Still, it’s difficult to believe that Compaoré has not become deaf and blind, this president who, for three decades, navigated, however maliciously, these troubled waters. Apparently alarming rumors have been sweeping Chancellery Row for weeks. But, unmoved, he bases his actions on staying within the laws that he wrote. What the opposition believes, however, is that the constitution provided a route toward his seppuku (political suicide) since it allows for the modification of Article 37—a gesture to populist sentiment when it was drafted. Assuming the possibility that timid deputies or others who simply sold out might compromise a qualified majority, a referendum might still allow the popular will to decide. 

Compaoré, however, believes the voice of the people could easily be neutralized, and that while the opposition might each day be incrementally radicalized, it still has little hope of winning a referendum. Since 1991, democracy has proved simply to be little more than a sham. During a succession of elections, international observers failed to report massive ballot tampering. Voting boxes were routinely stuffed with pro-Compaoré votes. Worse yet, mostly illiterate, the population of Burkina Faso has little political culture. The majority can neither read nor write, so have no access to what is still a sassy press. On election day, again and again, the choice is the result of several factors—the brutalization of broadcasters who do little more than distill government propaganda; powerful traditional chiefs who support Compaoré who, more even than his revolutionary predecessor, bullied the African aristocracy; and the inconsistency of a misguided opposition who lust after any ministerial post and the lavish, overfunded campaign war chests that are filled by the state or leading business executives. 

As for the resources of the state, they are run by Minister of Finance Lucien Bembamba, brother-in-law of Blaise Compaoré. Even the nation’s leading business figures are in Compaoré’s hip pockets—directed by the president of the Chamber of Commerce and Industry, Alizeta Ouedraogo, mother-in-law of Blaise Compaoré. Given these political realities, even the most illiterate peasant would be hard-pressed not to see the presence of an entrenched nepotistic state where, like many nations of the Sahel, family solidarity is a cardinal value.

CARDINAL VALUES

When Compaoré succeeded in winning a succession of rigged elections—1991, 1998, 2005, and 2010—he did not steal the votes of electors. He simply bought what most Burkina Faso residents were never aware they’d ever sold. The average citizen votes for the president because he is genuinely impressed by his helicopter, though all too often arriving in his village, its dust helping to spread meningitis. The average citizen is sincerely grateful for the free t-shirts distributed on the campaign trail, right before he is shuttled to the polling stations. As the presidential figure of Compaoré arrives with a barrage of musical entertainment, sweets, and clothes, why shouldn’t the average citizen trust him? Indeed, there is little reason to dive into the unknown arms of an opponent bearing little more than abstruse ideological concepts.

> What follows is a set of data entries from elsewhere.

Lemma partial_cost_le n s : Sprime C K s ->
  (partial_pay (pcost C K) d' s n)%:E <= X s + 2%:E * D * Y s.
Proof.
have X0 w : 0 <= X w := Eacc_ge0 w d_gt0 (cm_ge0 d_gt0).
have Y0 w : 0 <= Y w := Eacc_ge0 w d_gt0 (fun=> ler01).
have card0 : 0 <= (cardSp C K)%:E by rewrite lee_fin ler0n.
have D0 : 0 <= D by rewrite mule_ge0 ?lee_fin // adde_ge0 // mule_ge0 ?CB_ge0.
have tD0 : 0 <= 2%:E * D by rewrite mule_ge0.
have Z0 w : 0 <= X w + 2%:E * D * Y w by apply: adde_ge0 => //; apply: mule_ge0.
pose M := CB C K (pcost C K) d + 2%:E * D * CB C K (@pcount R S) d.
have ZM w : Sprime C K w -> X w + 2%:E * D * Y w <= M.
  by move=> wS; rewrite leeD ?lee_wpmul2l ?Eacc_le_CB.
elim: n s => [|n IH] s sS; first by rewrite /partial_pay big_ord0.
rewrite partial_pay_succ; case sG: (s \in goal K); first by rewrite mul0r.
have s_alive : alive s by rewrite /alive sS sG.
have [_ s_act _] := aliveP s_alive.
have [_ hc _] := bounded sS s_act sS.
have P0 w : (0 <= partial_pay (pcost C K) d' w n)%R.
  by apply: sumr_ge0 => k _; apply: step_pay_ge0 => // u; apply: cm_ge0.
have IH' w : alive w -> (partial_pay (pcost C K) d' w n)%:E <= X w + 2%:E * D * Y w.
  by case/aliveP => wS _ _; apply: IH.
have hsum := sum_Tlive_perturbed_le s_alive P0 Z0 IH'.
have M0 : 0 <= M := adde_ge0 (CB_ge0 _ _) (mule_ge0 tD0 (CB_ge0 _ _)).
have halive := sum_alive_le M0 Z0 ZM.
have hbudget : alpha%:E + alpha%:E * ((cardSp C K)%:E * M) <= 2%:E * D.
  by apply: budget_le; rewrite ?lee_fin ?CB_ge0.
rewrite mul1r EFinD -sumEFin Eacc_combination_bellman //.
apply: (le_trans (leeD (_ : _ <= (cm C K s (act C d s))%:E + alpha%:E) hsum)).
  by rewrite -EFinD lee_fin /pcost; lra.
rewrite [leLHS](AC (2*2) (1*3*(2*4))) [leRHS](AC (2*1) (1*3*2)) leeD //.
by apply: le_trans hbudget; rewrite leeD // (lee_wpmul2l _ halive) ?lee_fin.
Qed.

Lemma Etot_perturbed_le :
  Etot C K d' <= Etot C K d + 2%:E * D * CB C K (@pcount R S) d.
Proof.
apply: lime_le.
  apply: is_cvg_nneseries => k _ _; rewrite lee_fin.
  by apply: step_pay_ge0 => // u; apply: cm_ge0.
apply: nearW => n; rewrite big_mkord sumEFin.
apply: le_trans (partial_cost_le n Sprime_sin) _.
rewrite leeD // lee_wpmul2l ?Eacc_le_CB ?Sprime_sin //.
by rewrite mule_ge0 // mule_ge0 ?lee_fin // adde_ge0 // mule_ge0 ?CB_ge0 ?lee_fin.
Qed.

End Perturbation.
End Bellman.

Theorem lemma2 (R : realType) (S : finType) (C : fdCTMC R S) (K : costs R S)
    (alpha : R) (d d' : S -> R) :
  wf C K -> delay_fun C d -> delay_fun C d' ->
  0 <= alpha <= 1 ->
  alpha_bounded C K alpha d' d ->
  (2%:E * alpha%:E * CB C K (pcount (S:=S)) d * (cardSp C K)%:E <= 1)%E ->
  (Etot C K d' <= Etot C K d
     + 2%:E * alpha%:E * CB C K (pcount (S:=S)) d
         * (1 + CB C K (pcost C K) d * (cardSp C K)%:E))%E.
Proof.
move=> W dp dp' /andP[alpha_ge0 _] bounded budget.
rewrite [X in (_ + X)%E](AC (1*1*1*1) (1*(2*4)*3)).
exact: Etot_perturbed_le.
Qed.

So as dawn breaks on October 30, 2014, Compaoré appears politically bulletproof. But the image of his democracy, its tranquility, is a sham—a fact he has only lately come to realize. On the night preceding the election, he hosts all members of Parliament at a hotel adjacent to the National Assembly, encircling the area with heavily-armed security forces. Behind the mask of serenity, Compaoré knows his room for maneuvering is slim. His revolutionary training has taught him that an illiterate rural majority does not always measure up to the awareness of an astute urban core of the population.

On the early afternoon of October 30, word reached Ndjaména, the capital of neighboring Chad. Burkina Faso’s Parliament is on fire. A state of emergency has been declared in Ouagadougou, a curfew imposed, and the nation’s borders sealed. Our onward flights from Ndjaména to Lomé via Douala, then Lomé to Ouagadougou via Cotonou are only scheduled for the next morning—with the Burkinese situation evolving from minute to minute. International media reports the mobilization on the streets of Ouagadougou as “historical” on an African scale. When confronted by the crowd trying to reach the Parliament, security forces quickly abandon the idea of using force to contain the protesters—perhaps a calculated move by those Compaoré would come to call “the traitors” of his military circle. However motivated, the police forces step back and let pass what already looks like an insurrection. 

Compaoré has little sense of the scheme he is now denouncing. Clearly, the protesters have no idea they are launching such a transcendent moment. Like a knife entering softened butter, they besiege the Parliament. Windows offer no resistance to hurled knives, while vehicles are set on fire. Some petrified MPs try to escape, their parliamentary majority failing to protect them from the mob’s wrath. Some trip over their flowing boubou, or ceremonial robes. Other struggle to climb the wall. The luckiest, face down, are extracted by police.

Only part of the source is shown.